How many of you remember ordering books from the Scholastic Book Club? I loved those thin catalogs of newsprint paper passed out every so often during the academic year. My parents didn’t have a lot of money for extras, but frequently I could find affordable items in the Scholastic catalog and would be allowed to order one precious book.
In the 7th grade I purchased The Endless Steppe by Esther Hautzig. Published in 1968, the book is an account of Esther’s formative years spent in a Communist Party labor camp in Siberia, to which her family was sent in early 1941. Esther was about 10 years old at the time of their forced relocation. Her account of the next five years of her life, arguably five of the most important years of a child’s life, was riveting to me for I was much the same age.
It must be noted that Esther and her family were Jews who lived in Poland. Although their relocation by the Russian communists actually saved them from the Holocaust, the labor camp experience took a terrible toll on their family. They did not return to their hometown of Vilna, which was eventually overrun by the Nazis, until after World War II ended.
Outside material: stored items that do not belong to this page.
(* Let $X$ be a complex Banach space and let $a,b\in\mathcal{L}(X)$ both have g-Drazin inverses. If $aba=0$, $bab=0$, $a^2b^2=0$ and $ab^3=0$, then $a+b$ has a g-Drazin inverse.
   Context: $\mathcal{L}(X)$ denotes the Banach algebra of bounded linear operators on the complex Banach space $X$. An element $a$ of a unital Banach algebra $\mathcal{A}$ is quasinilpotent if $\lim_{n\to\infty}\|a^n\|^{1/n}=0$. An element $a\in\mathcal{A}$ has a g-Drazin (generalized Drazin) inverse if there exists $x\in\mathcal{A}$ with $x=xax$, $ax=xa$, and $a-a^2x$ quasinilpotent; such $x$ is unique and is denoted $a^d$. *)

From Stdlib Require Import Reals.
Open Scope R_scope.

Record Cpx := mkC { Cre : R; Cim : R }.
Definition C0 : Cpx := mkC 0 0.
Definition C1 : Cpx := mkC 1 0.
Definition Cadd (z w : Cpx) : Cpx := mkC (Cre z + Cre w) (Cim z + Cim w).
Definition Cmul (z w : Cpx) : Cpx :=
  mkC (Cre z * Cre w - Cim z * Cim w) (Cre z * Cim w + Cim z * Cre w).
Definition Cmod (z : Cpx) : R := sqrt (Cre z ^ 2 + Cim z ^ 2).

Record CBanach := {
  vec :> Type;
  vzero : vec;
  vadd : vec -> vec -> vec;
  vopp : vec -> vec;
  vscal : Cpx -> vec -> vec;
  vnorm : vec -> R;
  vadd_assoc : forall x y z, vadd x (vadd y z) = vadd (vadd x y) z;
  vadd_comm : forall x y, vadd x y = vadd y x;
  vadd_0 : forall x, vadd x vzero = x;
  vadd_opp : forall x, vadd x (vopp x) = vzero;
  vscal_1 : forall x, vscal C1 x = x;
  vscal_mul : forall c d x, vscal c (vscal d x) = vscal (Cmul c d) x;
  vscal_addv : forall c x y, vscal c (vadd x y) = vadd (vscal c x) (vscal c y);
  vscal_adds : forall c d x, vscal (Cadd c d) x = vadd (vscal c x) (vscal d x);
  vnorm_nonneg : forall x, 0 <= vnorm x;
  vnorm_eq0 : forall x, vnorm x = 0 -> x = vzero;
  vnorm_triangle : forall x y, vnorm (vadd x y) <= vnorm x + vnorm y;
  vnorm_scal : forall c x, vnorm (vscal c x) = Cmod c * vnorm x;
  vcomplete : forall u : nat -> vec,
    (forall eps, 0 < eps -> exists N, forall m n, (m >= N)%nat -> (n >= N)%nat ->
        vnorm (vadd (u m) (vopp (u n))) < eps) ->
    exists l, forall eps, 0 < eps -> exists N, forall n, (n >= N)%nat ->
        vnorm (vadd (u n) (vopp l)) < eps
}.

Arguments vzero {_}. Arguments vadd {_}. Arguments vopp {_}.
Arguments vscal {_}. Arguments vnorm {_}.

Section Ops.
Variable X : CBanach.

Definition bounded_linear (T : X -> X) : Prop :=
  (forall x y, T (vadd x y) = vadd (T x) (T y)) /\
  (forall c x, T (vscal c x) = vscal c (T x)) /\
  (exists M, forall x, vnorm (T x) <= M * vnorm x).

Definition opmul (S T : X -> X) : X -> X := fun x => S (T x).
Definition opadd (S T : X -> X) : X -> X := fun x => vadd (S x) (T x).
Definition opsub (S T : X -> X) : X -> X := fun x => vadd (S x) (vopp (T x)).
Fixpoint oppow (T : X -> X) (n : nat) : X -> X :=
  match n with O => fun x => x | S k => opmul T (oppow T k) end.

Definition is_opnorm (T : X -> X) (m : R) : Prop :=
  is_lub (fun r => exists x, vnorm x <= 1 /\ r = vnorm (T x)) m.

(** n-th root of a nonnegative real (with root of 0 equal to 0). *)
Definition nroot (n : nat) (r : R) : R :=
  if Rlt_dec 0 r then Rpower r (/ INR n) else 0.

Definition quasinilpotent (T : X -> X) : Prop :=
  exists u : nat -> R, (forall n, is_opnorm (oppow T n) (u n)) /\
    Un_cv (fun n => nroot n (u n)) 0.

Definition has_gDrazin (T : X -> X) : Prop :=
  exists S, bounded_linear S /\
    opmul S (opmul T S) = S /\
    opmul T S = opmul S T /\
    quasinilpotent (opsub T (opmul (opmul T T) S)).

End Ops.

(* Put c = a + b.  The four relations reduce c^3 to
     a (a^2 + ab + b^2) + (b a^2 + b^2 a) + b^3,
   and g-Drazin invertibility is carried through this sum by three perturbation results, each
   with an explicit series for the inverse: P + N with N quasinilpotent and PN = 0, P + Y with Y
   group invertible and PY = 0, and hence P + Q whenever PQ = 0 (Djordjevic-Wei).  Concretely,
   a^3 + b^2 a = (a^2 + ab + b^2) a is g-Drazin invertible because b^2 a squares to zero and
   a^3 b^2 a = 0; Cline's formula transfers this to a (a^2 + ab + b^2); adding the square-zero
   b a^2 + b^2 a, and then b^3, gives c^3.  Finally a g-Drazin inverse w of c^3 commutes with c,
   and c^2 w is a g-Drazin inverse of c. *)

From Pilot Require Import Defs.
From Stdlib Require Import Reals Lra Lia List FunctionalExtensionality IndefiniteDescription.
Open Scope R_scope.

Arguments vadd_assoc {_}. Arguments vadd_comm {_}. Arguments vadd_0 {_}.
Arguments vadd_opp {_}. Arguments vscal_1 {_}. Arguments vscal_adds {_}.
Arguments vscal_addv {_}. Arguments vnorm_nonneg {_}. Arguments vnorm_eq0 {_}.
Arguments vnorm_triangle {_}. Arguments vnorm_scal {_}. Arguments vcomplete {_}.

Section NormedSpace.
Context {X : CBanach}.

Lemma vadd_0l (x : X) : vadd vzero x = x.
Proof. rewrite vadd_comm; apply vadd_0. Qed.

Lemma vadd_oppl (x : X) : vadd (vopp x) x = vzero.
Proof. rewrite vadd_comm; apply vadd_opp. Qed.

Lemma vadd_cancel_l (a x y : X) : vadd a x = vadd a y -> x = y.
Proof.
  intro H. rewrite <- (vadd_0l x), <- (vadd_0l y), <- (vadd_oppl a).
  rewrite <- !vadd_assoc, H; reflexivity.
Qed.

Lemma vopp_unique (x y : X) : vadd x y = vzero -> y = vopp x.
Proof. intro H. apply (vadd_cancel_l x). rewrite H, vadd_opp; reflexivity. Qed.

Lemma vopp_vopp (x : X) : vopp (vopp x) = x.
Proof. symmetry; apply vopp_unique, vadd_oppl. Qed.

Lemma vopp_zero : vopp (@vzero X) = vzero.
Proof. symmetry; apply vopp_unique, vadd_0. Qed.

Lemma vadd_ACA (a b c d : X) : vadd (vadd a b) (vadd c d) = vadd (vadd a c) (vadd b d).
Proof. rewrite !vadd_assoc. f_equal. rewrite <- !vadd_assoc. f_equal. apply vadd_comm. Qed.

Lemma vopp_vadd (x y : X) : vopp (vadd x y) = vadd (vopp x) (vopp y).
Proof. symmetry; apply vopp_unique. rewrite vadd_ACA, !vadd_opp; apply vadd_0. Qed.

Lemma vsub_eq0 (x y : X) : vadd x (vopp y) = vzero -> x = y.
Proof. intro H. rewrite <- (vopp_vopp y). apply vopp_unique. rewrite vadd_comm; exact H. Qed.

Lemma vscal_zero c : vscal c (@vzero X) = vzero.
Proof. apply (vadd_cancel_l (vscal c vzero)). rewrite <- vscal_addv, !vadd_0; reflexivity. Qed.

Lemma vscal_opp c (v : X) : vscal c (vopp v) = vopp (vscal c v).
Proof. apply vopp_unique. rewrite <- vscal_addv, vadd_opp. apply vscal_zero. Qed.

Lemma vscal_C0 (x : X) : vscal Defs.C0 x = vzero.
Proof.
  apply (vadd_cancel_l (vscal Defs.C0 x)). rewrite <- vscal_adds, vadd_0.
  f_equal. unfold Cadd, Defs.C0; cbn. f_equal; ring.
Qed.

Lemma Cmod_real (r : R) : Cmod (mkC r 0) = Rabs r.
Proof.
  unfold Cmod; cbn [Cre Cim]. replace (r ^ 2 + 0 ^ 2) with (Rsqr r) by (unfold Rsqr; ring).
  apply sqrt_Rsqr_abs.
Qed.

Lemma vopp_scal (x : X) : vopp x = vscal (mkC (-1) 0) x.
Proof.
  symmetry; apply vopp_unique. rewrite <- (vscal_1 x) at 1. rewrite <- vscal_adds.
  replace (Cadd Defs.C1 (mkC (-1) 0)) with Defs.C0 by (unfold Cadd, Defs.C0, Defs.C1; cbn; f_equal; ring).
  apply vscal_C0.
Qed.

Lemma vnorm_zero : vnorm (@vzero X) = 0.
Proof.
  rewrite <- (vscal_C0 vzero), vnorm_scal. unfold Defs.C0. rewrite Cmod_real, Rabs_R0; ring.
Qed.

Lemma vnorm_opp (x : X) : vnorm (vopp x) = vnorm x.
Proof. rewrite vopp_scal, vnorm_scal, Cmod_real, Rabs_left by lra; ring. Qed.

Lemma vnorm_sub_sym (x y : X) : vnorm (vadd x (vopp y)) = vnorm (vadd y (vopp x)).
Proof. rewrite <- vnorm_opp, vopp_vadd, vopp_vopp, vadd_comm; reflexivity. Qed.

Lemma vnorm_sub_triangle (x y z : X) :
  vnorm (vadd x (vopp z)) <= vnorm (vadd x (vopp y)) + vnorm (vadd y (vopp z)).
Proof.
  replace (vadd x (vopp z)) with (vadd (vadd x (vopp y)) (vadd y (vopp z))).
  - apply vnorm_triangle.
  - rewrite <- vadd_assoc, (vadd_assoc (vopp y)), vadd_oppl, vadd_0l; reflexivity.
Qed.

Lemma vzero_of_norm_small (x : X) : (forall e, 0 < e -> vnorm x <= e) -> x = vzero.
Proof.
  intro H. apply vnorm_eq0. destruct (vnorm_nonneg x) as [Hx|Hx]; [|auto].
  specialize (H (vnorm x / 2)). lra.
Qed.

(** * A normaliser for abelian-group identities *)

Fixpoint vmuln (n : nat) (v : X) : X :=
  match n with O => vzero | S k => vadd v (vmuln k v) end.

(* A pair [(p, q)] of naturals encodes the integer coefficient [p - q]. *)
Definition vcoef (pq : nat * nat) (v : X) : X := vadd (vmuln (fst pq) v) (vopp (vmuln (snd pq) v)).

Lemma vmulnD n m v : vmuln (n + m) v = vadd (vmuln n v) (vmuln m v).
Proof.
  induction n as [|n IH]; cbn; [rewrite vadd_0l; reflexivity|rewrite IH, vadd_assoc; reflexivity].
Qed.

Lemma vcoefD p q v : vcoef (fst p + fst q, snd p + snd q)%nat v = vadd (vcoef p v) (vcoef q v).
Proof. unfold vcoef; cbn. rewrite !vmulnD, vopp_vadd. apply vadd_ACA. Qed.

Lemma vcoefN p v : vcoef (snd p, fst p) v = vopp (vcoef p v).
Proof. unfold vcoef; cbn. rewrite vopp_vadd, vopp_vopp, vadd_comm; reflexivity. Qed.

Lemma vcoef0 v : vcoef (0, 0)%nat v = vzero.
Proof. unfold vcoef; cbn. rewrite vopp_zero, vadd_0; reflexivity. Qed.

Lemma vcoef_reduce p q v : vcoef (p, q) v = vcoef (p - q, q - p)%nat v.
Proof.
  revert p; induction q as [|q IH]; intros [|p]; cbn; rewrite ?Nat.sub_0_r; try reflexivity.
  rewrite <- IH. unfold vcoef; cbn. rewrite vopp_vadd, vadd_ACA, vadd_opp, vadd_0l; reflexivity.
Qed.

Lemma vcoef_eq p q v : (fst p + snd q = fst q + snd p)%nat -> vcoef p v = vcoef q v.
Proof.
  destruct p as [a b], q as [c d]; cbn; intro H.
  rewrite vcoef_reduce, (vcoef_reduce c d).
  replace (a - b)%nat with (c - d)%nat by lia. replace (b - a)%nat with (d - c)%nat by lia.
  reflexivity.
Qed.

Inductive vterm := VVar (n : nat) | VZero | VAdd (s t : vterm) | VOpp (t : vterm).

Fixpoint vterm_eval (env : list X) (t : vterm) : X :=
  match t with
  | VVar n => nth n env vzero
  | VZero => vzero
  | VAdd s t => vadd (vterm_eval env s) (vterm_eval env t)
  | VOpp t => vopp (vterm_eval env t)
  end.

(* A normal form lists the coefficient of each variable of the environment. *)
Fixpoint nf_eval (env : list X) (cs : list (nat * nat)) : X :=
  match cs with
  | nil => vzero
  | c :: cs' => vadd (vcoef c (hd vzero env)) (nf_eval (tl env) cs')
  end.

Fixpoint nf_add (l m : list (nat * nat)) : list (nat * nat) :=
  match l, m with
  | nil, _ => m
  | _, nil => l
  | x :: l', y :: m' => (fst x + fst y, snd x + snd y)%nat :: nf_add l' m'
  end.

Definition coef_opp (p : nat * nat) : nat * nat := (snd p, fst p).

Fixpoint vterm_nf (t : vterm) : list (nat * nat) :=
  match t with
  | VVar k => repeat (0, 0)%nat k ++ (1, 0)%nat :: nil
  | VZero => nil
  | VAdd s t => nf_add (vterm_nf s) (vterm_nf t)
  | VOpp t => map coef_opp (vterm_nf t)
  end.

Lemma nf_eval_add env l m : nf_eval env (nf_add l m) = vadd (nf_eval env l) (nf_eval env m).
Proof.
  revert env m; induction l as [|x l IH]; intros env [|y m]; cbn;
    rewrite ?vadd_0l, ?vadd_0; try reflexivity.
  rewrite IH, vcoefD. apply vadd_ACA.
Qed.

Lemma nf_eval_opp env l : nf_eval env (map coef_opp l) = vopp (nf_eval env l).
Proof.
  revert env; induction l as [|x l IH]; intros env; cbn.
  - rewrite vopp_zero; reflexivity.
  - rewrite IH, vopp_vadd, <- vcoefN; reflexivity.
Qed.

Lemma nf_eval_var env k : nf_eval env (repeat (0, 0)%nat k ++ (1, 0)%nat :: nil) = nth k env vzero.
Proof.
  revert env; induction k as [|k IH]; intros [|v env]; cbn.
  - unfold vcoef; cbn. rewrite vopp_zero, !vadd_0; reflexivity.
  - unfold vcoef; cbn. rewrite vopp_zero, !vadd_0; reflexivity.
  - rewrite vcoef0, vadd_0l, IH. destruct k; reflexivity.
  - rewrite vcoef0, vadd_0l, IH; reflexivity.
Qed.

Lemma vterm_nfE env t : vterm_eval env t = nf_eval env (vterm_nf t).
Proof.
  induction t; cbn.
  - rewrite nf_eval_var; reflexivity.
  - reflexivity.
  - rewrite nf_eval_add, IHt1, IHt2; reflexivity.
  - rewrite nf_eval_opp, IHt; reflexivity.
Qed.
The violent uprooting from all that Esther had known as the beloved child of a prosperous family, the terrible living conditions and grinding poverty endured in Siberia, the loyalty to family and faith, all of that touched and moved me. I admired her courage and initiative in the face of it. I read her book so many times during my adolescent years that the binding eventually fell apart. The lessons learned have stayed with me.
But let me relate to you what was, for me, the most stirring moment of Esther’s book: an account of young Esther walking home from (if I recall correctly) her job, and finding herself in a terrible Siberian blizzard. Likely you already know that the weather in that part of Russia can be harsh and dangerous. There is a reason why it is still an infamous location for their labor camps.
This storm that Esther found herself in was bad. She did not have the choice to remain at her place of employment to wait out the blinding blizzard; she had to walk home. And the storm nearly took her. Not only was she walking against gale force winds and snow, she lost her way and could not find their house. Darkness was falling and she was very late. As she battled the elements and wondered where she was, the wind brought a sound she feared she’d never hear again: her mother’s voice. To her utter amazement, she heard her mother calling over and over again through the wind and the storm, “Sh’ma, Israel! Sh’ma, Israel! Sh’ma, Israel!”
As Esther put it, her mother, with the ferocity and instinct of a mother bear, had turned herself into a human homing device, searching for her daughter with the great prayer of Israel: “Sh’ma, Israel!” In English: “Hear, O Israel, the Lord is our God, the Lord is one!”
I’m crying as I type this, for those words are the precious call of God on the hearts of His own.
We live today in turbulent, intolerant, frequently downright nasty times. We may not have to walk through blinding weather, but we certainly are living through stormy circumstances that threaten to defeat us. But know this: God is still the Lord. He still calls through the storms of this earthly life to each of us, a divine homing device guiding His children to Himself.
Sh’ma, Israel!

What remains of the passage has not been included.